この会議は、2000年に始まり、3700を超えるテーマにわたり議論を進めてきました。登録したさまざまな背景を持つ働く男女が集まり、専門家の視点を交えながら、多様な意見を聞くことが目的です。ダイバーシティ人財の育成を進める中で、多様な見方を知り、考える力を高められるよう設計されています。
「悲しみを抱える人の傾聴力」についての議論
3768テーマ目では、「悲しみを抱えている人の話、傾聴する力がありますか?」という問いが立てられました。議長の土屋氏は、「悲しみから早く回復することを求められることがあるが、その過程でさらに傷ついてしまうケースも多い」と指摘します。傾聴や共感についての自問自答を促し、どのように接するべきかを参加者に問いかけました。
参加者の意見と体験
2日目に入ると、参加者のうち45%が「傾聴する力がある」と応えたものの、その他の意見として「距離を置いてしまう」といった声も多く寄せられました。この傾聴がうまくできないという悩みは、特に震災や自然災害において被災者に寄り添う上での重要な課題となりました。土屋氏は、「何がなんでも解決しようとしなくても良い」との意見も出し、参加者同士の共感を深めることが重要であると強調しました。
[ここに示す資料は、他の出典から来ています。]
(* Let $\mathcal C$ be an $\mathbb F_{q^n}$-linear rank metric code of dimension $k>2$ contained in $\mathcal L_{n,q}$, with $\mathcal C\cap\mathcal U_1=\{0\}$. Suppose there exists an integer $s$ with $\gcd(s,n)=1$ such that: (1) $\dim(\mathcal C\cap\mathcal C^{[s]})=k-2$ and $\dim(\mathcal C\cap\mathcal C^{[s]}\cap\mathcal C^{[2s]})=k-3$; that is, there exist $p(x),q(x)\in\mathcal L_{n,q}$, with $q(x)\in\mathcal C$, such that \[\mathcal C=\langle p(x)^{[s]},p(x)^{[2s]},\ldots,p(x)^{[s(k-1)]}\rangle_{\mathbb F_{q^n}}\oplus\langle q(x)\rangle_{\mathbb F_{q^n}};\] (2) $p(x)$ is invertible and there exists $\eta\in\mathbb F_{q^n}^*$ such that $p(x)+\eta\,p(x)^{[sk]}\in\mathcal C$ and $\mathrm N_{q^n/q}(\eta)\neq(-1)^{kn}$. Then $\mathcal C$ is an MRD code equivalent to $\mathcal H_{k,s}(\eta)$.
   Context: $q$ is a prime power, $[i]:=q^i$. $\mathcal L_{n,q}$ is the $\mathbb F_{q^n}$-vector space of linearized polynomials $f(x)=\sum_{i=0}^{n-1}a_ix^{[i]}$, $a_i\in\mathbb F_{q^n}$, identified with $\mathbb F_q$-linear maps of $\mathbb F_{q^n}$ (rank = $\mathbb F_q$-dimension of the image). $\mathcal U_1$ is the set of elements of rank at most one. For $f(x)=\sum_i a_ix^{[i]}$, $f(x)^{[j]}:=x^{[j]}\circ f(x)=\sum_i a_i^{[j]}x^{[(i+j)\bmod n]}$, and $\mathcal C^{[j]}=\{f^{[j]}\colon f\in\mathcal C\}$. A code (an $\mathbb F_q$-subspace of $\mathcal L_{n,q}$ with rank distance $\mathrm{rk}(f-g)$, minimum distance $d$) is MRD if $|\mathcal C|=q^{n(n-d+1)}$. $\mathrm N_{q^n/q}(\eta)=\prod_{i=0}^{n-1}\eta^{[i]}$. $\mathcal H_{k,s}(\eta)=\langle x+\eta x^{[sk]},x^{[s]},\ldots,x^{[s(k-1)]}\rangle_{\mathbb F_{q^n}}$. Codes $\mathcal C,\mathcal C'$ are equivalent if there are invertible $h,g\in\mathcal L_{n,q}$ and a field automorphism $\sigma$ (acting on coefficients) with $\{h\circ f^\sigma\circ g\colon f\in\mathcal C\}=\mathcal C'$. *)

From HB Require Import structures.
From mathcomp Require Import all_boot all_order all_algebra.
From mathcomp Require Import falgebra fieldext.
Set Implicit Arguments. Unset Strict Implicit. Unset Printing Implicit Defensive.
Import GRing.Theory.
Local Open Scope ring_scope.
3日目には、傾聴ができなかった体験談が共有され、参加者は「つい自分が先にしゃべってしまう」「相手の求めるものが分からなかった」といった反省点を語りました。土屋氏は、自らの経験を交えて、効果的な傾聴の重要性を再認識させました。そして最終日には、「傾聴力への課題」を57%が感じており、働く男女が共通の問題として認識していることが明らかになりました。
今後の展望
次回の円卓会議では、「AI時代における日本」や「日本酒のユネスコ世界遺産登録」など、新たなテーマが予定されています。このようにして視点を共有することで、ダイバーシティ社会の実現に向けた新しい一歩を踏み出していくことが期待されます。情報の共有を通じて、より良いコミュニケーションの実現を目指すダイバーシティ円卓会議に、注目が集まることでしょう。